COCONUT: Content Consumption Energy Measurement Dataset for Adaptive Video Streaming

The 15th ACM Multimedia Systems Conference (Open-source Software and Datasets)

15-18 April, 2024 in Bari, Italy

[PDF],[Github]

Farzad Tashtarian (AAU, Austria), Daniele Lorenzi (AAU, Austria), Hadi Amirpour  (AAU, Austria), Samira Afzal  (AAU, Austria), and Christian Timmerer (AAU, Austria)

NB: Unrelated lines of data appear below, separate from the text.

Lemma line_image_normal {S} {x : 'cV[K]_n} : \dim (linfun (mulmxr x) @: S)%VS = 1%N ->
  exists2 P, P \in unitmx &
    (forall M, M \in S -> lowpart (P *m M) *m x = 0) /\ exists2 M1, M1 \in S & M1 *m x != 0.
Proof.
set V := (linfun (mulmxr x) @: S)%VS => dimV.
have y0 : vpick V != 0 by rewrite vpick0 -dimv_eq0 dimV.
have VE : V = <[vpick V]>%VS.
  by apply/eqP; rewrite eq_sym eqEdim dim_vline y0 dimV -memvE memv_pick.
have [P Pu Py] := first_axis_normal (vpick V).
exists P => //; split.
  move=> M MS; have := memv_img (linfun (mulmxr x)) MS.
  rewrite lfunE /= -/V VE => /vlineP [k Mx].
  by rewrite -lowpart_mul -mulmxA Mx -scalemxAr !lowpart_mulE -scalemxAr -lowpart_mulE Py scaler0.
have /memv_imgP [M1 M1S yE] := memv_pick V.
by exists M1 => //; rewrite lfunE /= in yE; rewrite -yE.
Qed.

Definition lowpart_span P S : 'M[K]_n :=
  (\sum_(i < \dim S) <<lowpart (P *m (vbasis S)`_i)>>)%MS.

Lemma lowpart_span_sub P S M : M \in S -> (lowpart (P *m M) <= lowpart_span P S)%MS.
Proof.
move=> MS; rewrite (coord_vbasis MS) mulmx_sumr lowpart_mulE mulmx_sumr.
apply: summx_sub => i _; rewrite -!scalemxAr -lowpart_mulE scalemx_sub //.
by apply: (sumsmx_sup i) => //; rewrite genmxE.
Qed.

Lemma lowpart_span_ker P S (w : 'cV[K]_n) :
  (forall M, M \in S -> lowpart (P *m M) *m w = 0) -> lowpart_span P S *m w = 0.
Proof.
move=> kill; apply/sub_kermxP; apply/sumsmx_subP => i _; rewrite genmxE.
apply/sub_kermxP; apply/kill/vbasis_mem/mem_nth.
by rewrite size_tuple.
Qed.

(* Column compression: after the row change P, a column change Q brings S to
   (1,q)-decomposed form, q being the rank of the span of the lower parts,
   and the first q columns of the lower parts are then jointly free. *)
Lemma column_compression P S : exists q (Q : 'M[K]_n),
  [/\ Q \in unitmx, decomposed 1 q (fun N => N \in conjv P Q S)
    & lower_free q (fun N => N \in conjv P Q S)].
Proof.
have BE := mulmx_ebase (lowpart_span P S).
have Cu := col_ebase_unit (lowpart_span P S).
have Ru := row_ebase_unit (lowpart_span P S).
move: (col_ebase _) (row_ebase _) (\rank _) Cu Ru BE => C R q Cu Ru BE.
exists q, (invmx R); split; first by rewrite unitmx_inv.
  apply: decomposed_of_lowpart => _ /mem_conjv [M [MS ->]] i j qj.
  have /submxP [Z ZE] := lowpart_span_sub P S M MS.
  by rewrite lowpart_mul ZE -BE !mulmxA mulmxK // mul_pid_entry.
move=> w kill j jq.
have Bw : lowpart_span P S *m (invmx R *m w) = 0.
  apply: lowpart_span_ker => M MS; rewrite mulmxA -lowpart_mul; apply: kill.
  by apply/mem_conjv; exists M.
have : (pid_mx q : 'M[K]_n) *m w = 0.
  move: Bw; rewrite -BE -!mulmxA mulKVmx // => /(congr1 (mulmx (invmx C))).
  by rewrite mulKmx // mulmx0.
by move/matrixP/(_ j 0); rewrite pid_mul_entry jq mxE.
Qed.

Lemma lower_free_lt {q} {T : mxset K m'.+2 n} {w : 'cV[K]_n} :
  lower_free q T -> w != 0 -> (forall N, T N -> lowpart N *m w = 0) -> (q < n)%N.
Proof.
move=> free w0 kill; rewrite ltnNge; apply: contra w0 => nq.
apply/eqP/matrixP => j k; rewrite (ord1 k) mxE.
exact: (free _ kill j (leq_trans (ltn_ord j) nq)).
Qed.

End Normalization.

Section Primitivity.
Context {K : fieldType} {m n : nat}.

Lemma defidx_urk {S : mxset K m n} {r} : urk S r -> defidx S (n - r).
Proof.
move=> [[M0 [M0S rM0]] rS]; split.
  by move=> M MS; rewrite dker_full leq_sub2l // rS.
by move=> c hc; have := hc M0 M0S; rewrite dker_full rM0.
Qed.

(* If a surjection pi : K^m -> K^(m-1) lowers the rank of every matrix of S
   below its upper rank r, then pi.S is (n - r + 1)-defective, so S is not
   primitive. *)
Lemma not_primitive_of_projection {S : mxset K m n} {r} (pi : 'M[K]_(m.-1, m)) :
  urk S r -> \rank pi = m.-1 -> (forall M, S M -> (\rank (pi *m M) < r)%N) ->
  ~ primitive S.
Proof.
move=> hurk rpi drop [_ prim]; have [_ no_proj] := prim _ (defidx_urk hurk).
apply: no_proj; exists pi; split.
  by apply/eqP; rewrite eqEdim subvf /= dimvf dim_matrix mulr1 dim_limg_mulmx rpi.
move=> M MS; rewrite dker_full.
have [[M0 [_ rM0]] _] := hurk; have := rank_leq_col M0; have := drop M MS; lia.
Qed.

End Primitivity.

Theorem mainTheorem14 (K : fieldType) (m n : nat)
    (S : {vspace 'M[K]_(m, n)}) (r : nat) :
  reduced (fun M => M \in S) ->
  column_property (fun M => M \in S) ->
  (2 <= m)%N ->
  urk (fun M => M \in S) r ->
  (exists f : 'I_r.+1 -> K, injective f) ->
  (exists x : 'cV[K]_n, \dim (linfun (mulmxr x) @: S)%VS = 1%N) ->
  (exists q : nat, (r <= q)%N /\ (q < n)%N /\
     exists S' : {vspace 'M[K]_(m, n)},
       mxequiv (fun M => M \in S') (fun M => M \in S) /\
       decomposed 1 q (fun M => M \in S') /\
       reduced (lowspace 1 q (fun M => M \in S')) /\
       column_property (lowspace 1 q (fun M => M \in S')) /\
       urk (lowspace 1 q (fun M => M \in S')) r.-1)
  /\ ~ primitive (fun M => M \in S).
Proof.
move=> hred hcol m2 hurk hf [x dimSx].
case: m S hred hcol m2 hurk dimSx => [|[|m']] S hred hcol m2 hurk dimSx //.
have [P Pu [Px [M1 M1S M1x]]] := line_image_normal dimSx.
have [q [Q [Qu S'dec S'free]]] := column_compression P S.
set S' := conjv P Q S in S'dec S'free *.
have S'equiv : mxequiv (fun N => N \in S') (fun M => M \in S) := conjv_equiv Pu Qu.
have S'urk := urk_equiv S'equiv hurk.
pose x' := invmx Q *m x.
have S'x' N : N \in S' -> lowpart N *m x' = 0.
  by case/mem_conjv => M [MS ->]; rewrite lowpart_mul -mulmxA mulKVmx // Px.
have M1'x' : P *m M1 *m Q *m x' != 0.
  rewrite -!mulmxA mulKVmx //; apply: contraNneq M1x.
  by move/(congr1 (mulmx (invmx P))); rewrite mulKmx // mulmx0 => ->.
have qn : (q < n)%N.
  by apply: lower_free_lt S'free _ S'x'; apply: contraNneq M1'x' => ->; rewrite mulmx0.
have drop N : N \in S' -> (\rank (lowpart N) < r)%N.
  apply: lowpart_rank_drop hf (fun M MS => S'urk.2 M MS) S'x' _ N.
  by exists (P *m M1 *m Q) => //; apply/mem_conjv; exists M1.
have [rq redH colH urkH] := lowspace_props (ltnW qn) (colprop_equiv S'equiv hcol)
  (reduced_equiv S'equiv hred) S'dec S'free S'urk drop.
split; first by exists q; do 2!split => //; exists S'.
apply: (not_primitive_of_projection (m := m'.+2) (lowpart P) hurk).
  apply/eqP; rewrite eqn_leq rank_leq_row -ltnS -[X in (X <= _)%N](mxrank_unit Pu).
  exact: rank_le_lowpart.
move=> M MS; rewrite -lowpart_mul -(mxrankMfree _ (_ : row_free Q)) ?row_free_unit // -lowpart_mul.
by apply: drop; apply/mem_conjv; exists M.
Qed.
(* Let $\mathbb{K}$ be a semiring. Every unambiguous one-way $\mathbb{K}$-automaton is equivalent to a deterministic two-way $\mathbb{K}$-automaton, i.e. both assign the same weight to every word of $A^*$.
   Context: A semiring $\mathbb{K}$ (not necessarily commutative) has addition $\oplus$ and multiplication $\otimes$ with the usual axioms. A one-way $\mathbb{K}$-automaton $(P,A,G,I',T')$ has finite state set $P$, partial $I',T':P\to\mathbb{K}$ (supports: initial/final states) and partial $G:P\times A\times P\to\mathbb{K}$ (support: transitions); its computations on $w=w_1\cdots w_n$ are paths $(q_0,w_1,q_1)\cdots(q_{n-1},w_n,q_n)$ of transitions from an initial to a final state, with weight $I'(q_0)\otimes G(q_0,w_1,q_1)\otimes\cdots\otimes G(q_{n-1},w_n,q_n)\otimes T'(q_n)$; the weight of $w$ is the sum of these. It is unambiguous if every word labels at most one computation. With $A_{\vdash\dashv}=A\cup\{\vdash,\dashv\}$ ($\vdash,\dashv$ fresh end-markers), a two-way $\mathbb{K}$-automaton $(Q,A,E,I,T)$ has finite state set $Q$, partial $I,T:Q\to\mathbb{K}$, and partial $E:Q\times(A_{\vdash\dashv}\times\{-1,+1\})\times Q\to\mathbb{K}$ whose support (the transitions) contains no $(p,\vdash,-1,q)$ nor $(p,\dashv,+1,q)$; for $t=(p,a,d,q)$: $\sigma(t)=p$, $\tau(t)=q$, $\lambda(t)=a$, $\delta(t)=d$. For $w=w_1\cdots w_n$ set $w_0=\vdash$, $w_{n+1}=\dashv$; a computation on $w$ is a sequence of configurations $((p_0,i_0),\dots,(p_k,i_k))$, $i_j\in[0;n+1]$, with $i_0=1$, $i_k=n+1$, $p_0$ initial, $p_k$ final, and transitions $t_j$ with $\sigma(t_j)=p_j$, $\tau(t_j)=p_{j+1}$, $\lambda(t_j)=w_{i_j}$, $i_{j+1}=i_j+\delta(t_j)$; its weight is $I(p_0)\otimes\bigotimes_{j=0}^{k-1}E(t_j)\otimes T(p_k)$, and the weight of $w$ is the sum of the weights of its computations. A two-way automaton is deterministic if (i) it has at most one initial state; (ii) for every state $p$ and every letter $a$ there is at most one transition outgoing from $p$ with label $a$; (iii) for every final state $p$ there is no transition outgoing from $p$ with label $\dashv$. *)

From HB Require Import structures.
From mathcomp Require Import all_boot all_algebra.
Set Implicit Arguments. Unset Strict Implicit. Unset Printing Implicit Defensive.
Import GRing.Theory.
Local Open Scope ring_scope.

(* Semiring K: a (not necessarily commutative) pzSemiRingType.
   Partial maps X -> K are modelled as X -> option K (None = undefined). *)

Record oneway (K : pzSemiRingType) (A : finType) := OneWay {
  ow_state : finType;
  ow_trans : ow_state -> A -> ow_state -> option K;
  ow_init  : ow_state -> option K;
  ow_final : ow_state -> option K }.
Arguments ow_state {K A}. Arguments ow_trans {K A}. Arguments ow_init {K A}. Arguments ow_final {K A}.

Section OneWayDefs.
Variables (K : pzSemiRingType) (A : finType) (M : oneway K A).

Fixpoint ow_run (q : ow_state M) (w : seq A) (qs : seq (ow_state M)) : option K :=
  match w, qs with
  | [::], [::] => ow_final M q
  | a :: w', q' :: qs' =>
      match ow_trans M q a q', ow_run q' w' qs' with
      | Some x, Some y => Some (x * y)
      | _, _ => None
      end
  | _, _ => None
  end.

Definition ow_comp_weight (w : seq A) (q0 : ow_state M) (qs : seq (ow_state M))
  : option K :=
  match ow_init M q0, ow_run q0 w qs with
  | Some x, Some y => Some (x * y)
  | _, _ => None
  end.

(* weight of w: sum over all computations (all other state sequences of
   length n+1 contribute 0) *)
Definition ow_weight (w : seq A) : K :=
  \sum_(q0 : ow_state M) \sum_(t : (size w).-tuple (ow_state M))
     odflt 0 (ow_comp_weight w q0 t).

Definition unambiguous : Prop :=
  forall (w : seq A) (q0 q0' : ow_state M) (qs qs' : seq (ow_state M)),
    isSome (ow_comp_weight w q0 qs) -> isSome (ow_comp_weight w q0' qs') ->
    q0 = q0' /\ qs = qs'.

End OneWayDefs.

Inductive emark (A : Type) := LEnd | REnd | Letter of A.
Arguments LEnd {A}. Arguments REnd {A}.

Inductive dir := Left | Right .

Record twoway (K : pzSemiRingType) (A : finType) := TwoWay {
  tw_state : finType;
  tw_trans : tw_state -> emark A -> dir -> tw_state -> option K;
  tw_init  : tw_state -> option K;
  tw_final : tw_state -> option K;
  tw_noleft  : forall p q, tw_trans p LEnd Left q = None;
  tw_noright : forall p q, tw_trans p REnd Right q = None }.
Arguments tw_state {K A}. Arguments tw_trans {K A}. Arguments tw_init {K A}. Arguments tw_final {K A}.

Section TwoWayDefs.
Variables (K : pzSemiRingType) (A : finType) (M : twoway K A).

(* w_i for i in [0; n+1], with w_0 = |- and w_{n+1} = -| ; None outside *)
Definition tw_letter (w : seq A) (i : nat) : option (emark A) :=
  match i with
  | 0 => Some LEnd
  | i'.+1 => match onth w i' with
             | Some a => Some (Letter a)
             | None => if i' == size w then Some REnd else None
             end
  end.

Definition config := (tw_state M * nat)%type.

Definition tw_step (w : seq A) (c c' : config) : option K :=
  match tw_letter w c.2 with
  | None => None
  | Some a =>
      if c'.2 == c.2.+1 then tw_trans M c.1 a Right c'.1
      else if c'.2.+1 == c.2 then tw_trans M c.1 a Left c'.1
      else None
  end.

Fixpoint tw_run (w : seq A) (c : config) (cs : seq config) : option K :=
  match cs with
  | [::] => if c.2 == (size w).+1 then tw_final M c.1 else None
  | c' :: cs' =>
      match tw_step w c c', tw_run w c' cs' with
      | Some x, Some y => Some (x * y)
      | _, _ => None
      end
  end.

Definition tw_comp_weight (w : seq A) (c0 : config) (cs : seq config) : option K :=
  if c0.2 == 1%N then
    match tw_init M c0.1, tw_run w c0 cs with
    | Some x, Some y => Some (x * y)
    | _, _ => None
    end
  else None.

(* "the weight of w is x": the computations on w form a finite set
   whose weights sum to x *)
Definition tw_has_weight (w : seq A) (x : K) : Prop :=
  exists s : seq (config * seq config),
    uniq s /\
    (forall r, isSome (tw_comp_weight w r.1 r.2) <-> r \in s) /\
    x = \sum_(r <- s) odflt 0 (tw_comp_weight w r.1 r.2).

Definition deterministic : Prop :=
  [/\ (forall p q : tw_state M, isSome (tw_init M p) -> isSome (tw_init M q) -> p = q),
      (forall (p : tw_state M) (a : emark A) (d1 d2 : dir) (q1 q2 : tw_state M),
          isSome (tw_trans M p a d1 q1) -> isSome (tw_trans M p a d2 q2) ->
          d1 = d2 /\ q1 = q2)
    & (forall p : tw_state M, isSome (tw_final M p) ->
          forall d q, tw_trans M p REnd d q = None)].

End TwoWayDefs.

From HB Require Import structures.
From mathcomp Require Import all_boot all_algebra zify.
Set Implicit Arguments. Unset Strict Implicit. Unset Printing Implicit Defensive.
Import GRing.Theory.
Local Open Scope ring_scope.

(* An unambiguous automaton has at most one accepting computation on w, and after
   k letters its state q_k is the only state reachable from q_(k-1) by w_(k-1) that
   lies in X k, the set of states from which the suffix drop k w can be accepted.
   The two-way automaton sweeps w from right to left to compute X 0, picks the
   unique initial state in it and then follows the computation from left to right,
   carrying q_k and X k.  To cross w_k it must know X (k+1), which is one of the
   candidates z with pre z w_k = X k.  If there are several, it walks right pulling
   every set back to position k+1 until a single candidate survives (the true one),
   then walks left pulling back the true candidate and a false one: their
   predecessor sets differ until, and coincide exactly at, position k+1, which is
   how the automaton finds its way back.  Every transition is forced, and the
   weights multiplied along the way are exactly those of the accepting computation. *)

Lemma drop_onth (T : Type) (s : seq T) k x :
  onth s k = Some x -> drop k s = x :: drop k.+1 s.
Proof. by elim: s k => [|y s IH] [|k] //= => [[->]|/IH]; rewrite ?drop0. Qed.

Lemma onth_ltP (T : Type) (s : seq T) k : (k < size s)%N -> exists x, onth s k = Some x.
Proof. by rewrite -onthTE; case: onth => [x|] // _; exists x. Qed.

Lemma onth_size (T : Type) (s : seq T) k x : onth s k = Some x -> (k < size s)%N.
Proof. by move=> H; rewrite -onthTE H. Qed.

Lemma take_drop_rcons (T : Type) (s : seq T) m d x : onth s (m + d) = Some x ->
  take d.+1 (drop m s) = rcons (take d (drop m s)) x.
Proof.
move=> Hx; rewrite (take_nth x) ?size_drop; last by have := onth_size Hx; lia.
by rewrite nth_drop; congr rcons; apply: onth_nth.
Qed.

Lemma pick_card1 (T : finType) (S : {set T}) z :
  z \in S -> (#|S| < 2)%N -> [pick x in S] = Some z.
Proof.
move=> Hz Hc; have /card_le1P H : (#|S| <= 1)%N by [].
case: pickP => [x Hx|H0]; last by have := H0 z; rewrite Hz.
by have := H _ Hz x; rewrite Hx inE => /esym /eqP ->.
Qed.

Section TwoWayPaths.
Variables (K : pzSemiRingType) (A : finType) (M : twoway K A).
Implicit Types (w : seq A) (c : config M) (cs : seq (config M)).

Fixpoint tw_path w c cs : option K :=
  match cs with
  | [::] => Some 1
  | c' :: cs' => match tw_step w c c', tw_path w c' cs' with
                 | Some x, Some y => Some (x * y) | _, _ => None end
  end.

Definition tw_reach w c c' (x : K) :=
  exists cs, tw_path w c cs = Some x /\ last c cs = c'.

Lemma tw_reach_refl w c : tw_reach w c c 1.
Proof. by exists [::]. Qed.

Lemma tw_reach_step w c c1 c2 x y :
  tw_step w c c1 = Some x -> tw_reach w c1 c2 y -> tw_reach w c c2 (x * y).
Proof. by move=> Ex [cs [Ey <-]]; exists (c1 :: cs); rewrite /= Ex Ey. Qed.

Lemma tw_path_cat w c cs cs' x y :
  tw_path w c cs = Some x -> tw_path w (last c cs) cs' = Some y ->
  tw_path w c (cs ++ cs') = Some (x * y).
Proof.
elim: cs c x => [|c1 cs IH] c x /=; first by case=> <- ->; rewrite mul1r.
case: tw_step => [u|] //; case Ev: tw_path => [v|] //= [<-] Ey.
by rewrite (IH _ _ Ev Ey) mulrA.
Qed.

Lemma tw_reach_trans w c1 c2 c3 x y :
  tw_reach w c1 c2 x -> tw_reach w c2 c3 y -> tw_reach w c1 c3 (x * y).
Proof.
move=> [cs [Ex <-]] [cs' [Ey <-]]; exists (cs ++ cs').
by rewrite last_cat (tw_path_cat Ex Ey).
Qed.

Lemma tw_reach_run w c c' cs' x y :
  tw_reach w c c' x -> tw_run w c' cs' = Some y ->
  exists cs, tw_run w c cs = Some (x * y).
Proof.
move=> [cs [Ex <-]] Ey; exists (cs ++ cs').
elim: cs c x Ex Ey => [|c1 cs IH] c x /=; first by case=> <- ->; rewrite mul1r.
case: tw_step => [u|] //; case Ev: tw_path => [v|] //= [<-] Ey.
by rewrite (IH _ _ Ev Ey) mulrA.
Qed.

Lemma tw_comp_weightE w c cs :
  isSome (tw_comp_weight w c cs) =
  [&& c.2 == 1%N, isSome (tw_init M c.1) & isSome (tw_run w c cs)].
Proof.
by rewrite /tw_comp_weight; case: eqP => //= _; case: tw_init => [?|] //; case: tw_run.
Qed.

End TwoWayPaths.

Lemma tw_letter_end (A : finType) (w : seq A) : tw_letter w (size w).+1 = Some REnd.
Proof. by rewrite /= onth_default // eqxx. Qed.

Lemma tw_letter_onth (A : finType) (w : seq A) k a :
  onth w k = Some a -> tw_letter w k.+1 = Some (Letter a).
Proof. by move=> /= ->. Qed.

Section Deterministic.
Variables (K : pzSemiRingType) (A : finType) (M : twoway K A).
Hypothesis detM : deterministic M.
Implicit Types (w : seq A) (c : config M) (cs : seq (config M)).

Lemma det_step_fun w c c1 c2 :
  isSome (tw_step w c c1) -> isSome (tw_step w c c2) -> c1 = c2.
Proof.
case: detM => _ trans_det _; case: c c1 c2 => p i [q1 i1] [q2 i2].
rewrite /tw_step /=; case: tw_letter => // e.
case: eqP => E1; [| case: eqP => E1' //];
  case: eqP => E2; try case: eqP => E2' //;
  by move=> H1 H2; case: (trans_det _ _ _ _ _ _ H1 H2) => // _ ->; congr pair; lia.
Qed.

Lemma det_final_stuck w c c' :
  c.2 = (size w).+1 -> isSome (tw_final M c.1) -> tw_step w c c' = None.
Proof.
case: detM => _ _ final_det Ec /final_det Hd.
by rewrite /tw_step Ec tw_letter_end; do 2 case: ifP => _ //; rewrite Hd.
Qed.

*These authors contributed equally to this work

HTTP Adaptive Streaming (HAS) has emerged as the predominant solution for delivering video content on the Internet. The urgency of the climate crisis has accentuated the demand for investigations into the environmental impact of HAS techniques. In HAS, clients rely on adaptive bitrate (ABR) algorithms to drive the quality selection for video segments. Focusing on maximizing
video quality, these algorithms often prioritize maximizing video quality under favorable network conditions, disregarding the impact of energy consumption. To thoroughly investigate the effects
of energy consumption, including the impact of bitrate and other video parameters such as resolution and codec, further research is still needed. In this paper, we propose COCONUT, a COntent COnsumption eNergy measUrement daTaset for adaptive video streaming collected through a digital multimeter on various types of client devices, such as laptop and smartphone, streaming MPEG-DASH segments. Furthermore, we analyze the dataset and find insights into the influence of multiple codecs, various video encoding parameters, such as segment length, framerate, bitrates, and resolutions, and decoding type, i.e., hardware or software, on energy
consumption. We gather and categorize these measurements based on segment retrieval through the network interface card (NIC), decoding, and rendering. Additionally, we compare the impact of
different HAS players on energy consumption. This research offers valuable perspectives on the energy usage of streaming devices, which could contribute to creating a media consumption experience that is both more sustainable and resource-efficient.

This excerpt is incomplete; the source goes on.